{question}
My Singlestore cluster is using a lot of storage.
How can I see what's consuming it and what can I do about it?
{question}
{answer}
Overview
It is common that the database(s) size to be only a fraction of the overall storage consumption in Singlestore. This results from various factors, mainly transaction logs, snapshots, tracelogs, plancache, and audit logs. In addition to these, sometimes a core file can be generated too. This will be covered at the end of this article.
The default structure is similar to the drawing below. Some folders are missing for the sake of simplicity:
By default, these will sit under /var/lib/memsql/<NODE_ID>/ although these may be different, depending on how the cluster was deployed.
To identify what's consuming the most space, you can use the Linux command du. This command can traverse the full file data structure and provide a summary of the disk usage of each directory. For example, this summarizes the disk usage inside the data directory. We can see that data/logs, in this example, it's what's consuming the most disk (6.4 GB).
ubuntu@ip-10-0-0-100:/var/lib/memsql/2ce6f569-6e1d-491c-b380-f8954189fc14/data$ du -sh *
92K blobs
4.0K datetime_to_version
4.0K ephemeral_errors
4.0K ingest_staging
6.4G logs
0 memsql.sock
4.0K memsql_id
0 memsql_proxy.sock
4.0K memsql_role
4.0K memsqld.pid
4.0K memsqld_safe.pid
2.5M persisted_errors
1.3M roots
1008K snapshots
4.0K spill
4.0K staging_bottomless
36K tempblobs
4.0K temprestoreblobs
Let's go one by one, describe it, and understand what you can and can't do to free up space.
Database Data
All directories and files not listed below are, most probably, database files containing user data. The main two are snapshots and blobs. If those are the ones taking the most storage, then the only solution is to cleanup your database, dropping unneeded tables or deleting older data.
Transaction Logs
What is it?
Transaction logs are a key piece of any transactional database.

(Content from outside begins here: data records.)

(* (1) If $U[-1]\to A\overset{f}{\to}B\to U$ is a distinguished triangle in $\mathscr{C}$ with $U\in\mathcal{U}$, then $A\in\mathscr{C}^-$ implies $B\in\mathscr{C}^-$. (2) If $S[-1]\to A\overset{f}{\to}B\to S$ is a distinguished triangle in $\mathscr{C}$ with $S\in\mathcal{S}$, then $B\in\mathscr{C}^-$ implies $A\in\mathscr{C}^-$.
   Context: $\mathscr{C}$ is a triangulated category with shift $[1]$; subcategories are full, additive, closed under isomorphisms and direct summands. $\mathrm{Ext}^1(X,Y)=\mathscr{C}(X,Y[1])$. $\mathcal{M}\ast\mathcal{N}$ is the full subcategory of objects $C$ admitting a distinguished triangle $M\to C\to N\to M[1]$ with $M\in\mathcal{M}$, $N\in\mathcal{N}$. A cotorsion pair $(\mathcal{U},\mathcal{V})$: $\mathrm{Ext}^1(\mathcal{U},\mathcal{V})=0$ and $\mathscr{C}=\mathcal{U}\ast\mathcal{V}[1]$. Fix a twin cotorsion pair, i.e. cotorsion pairs $(\mathcal{S},\mathcal{T}),(\mathcal{U},\mathcal{V})$ with $\mathrm{Ext}^1(\mathcal{S},\mathcal{V})=0$. Put $\mathcal{W}=\mathcal{T}\cap\mathcal{U}$ and $\mathscr{C}^-=\mathcal{S}[-1]\ast\mathcal{W}$. *)

From HB Require Import structures.
From mathcomp Require Import all_boot all_algebra.
Set Implicit Arguments.
Unset Strict Implicit.
Unset Printing Implicit Defensive.
Import GRing.Theory.
Local Open Scope ring_scope.

Record PreTri := {
  Obj : Type;
  Mor : Obj -> Obj -> zmodType;
  comp : forall X Y Z : Obj, Mor Y Z -> Mor X Y -> Mor X Z;
  idm : forall X : Obj, Mor X X;
  sh : Obj -> Obj;
  shm : forall X Y : Obj, Mor X Y -> Mor (sh X) (sh Y);
  shinv : Obj -> Obj;
  dist : forall X Y Z : Obj, Mor X Y -> Mor Y Z -> Mor Z (sh X) -> Prop
}.

Arguments Obj : clear implicits.
Arguments Mor : clear implicits.
Arguments comp {p X Y Z}.
Arguments idm {p}.
Arguments sh {p}.
Arguments shm {p X Y}.
Arguments shinv {p}.
Arguments dist {p X Y Z}.

Section Defs.
Variable C : PreTri.
Local Notation Ob := (Obj C).
Local Notation "g \o f" := (comp g f).

Definition is_iso (X Y : Ob) (f : Mor C X Y) : Prop :=
  exists g : Mor C Y X, g \o f = idm X /\ f \o g = idm Y.

Definition isomorphic (X Y : Ob) : Prop := exists f : Mor C X Y, is_iso f.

These files contain records of all the changes made to the database before being committed to a snapshot. Each partition will have its own set of transaction logs. These files are located in data/logs and have the following format:
When the size of the logs reaches the value defined in the variable snapshot_trigger_size, a snapshot is taken and written to disk. A snapshot is a full backup of the database. Following the creation of a snapshot, subsequent DDL and DML updates are again written to the logs, until snapshot_trigger_size is again reached.
How large can the transaction logs grow?
A lot! Each transaction log is 256 MB for data partitions and 64 MB for master partitions. Also, the default snapshot_trigger_size is 2 GB. If a node is running with 8 partitions this means that the transaction logs can use up to 2 GB x 8 partitions = 16 GB. If the cluster has High Availability enabled, this will double, and if the default setting snapshots_to_keep stays at the recommended 2, then it will double again. If instead of 1 database, the cluster has 10 databases, then multiply again by 10. So this means that in a node with H/A, 10 databases, and 8 partitions per each database, we could easily be talking of up 640 GB just for snapshots.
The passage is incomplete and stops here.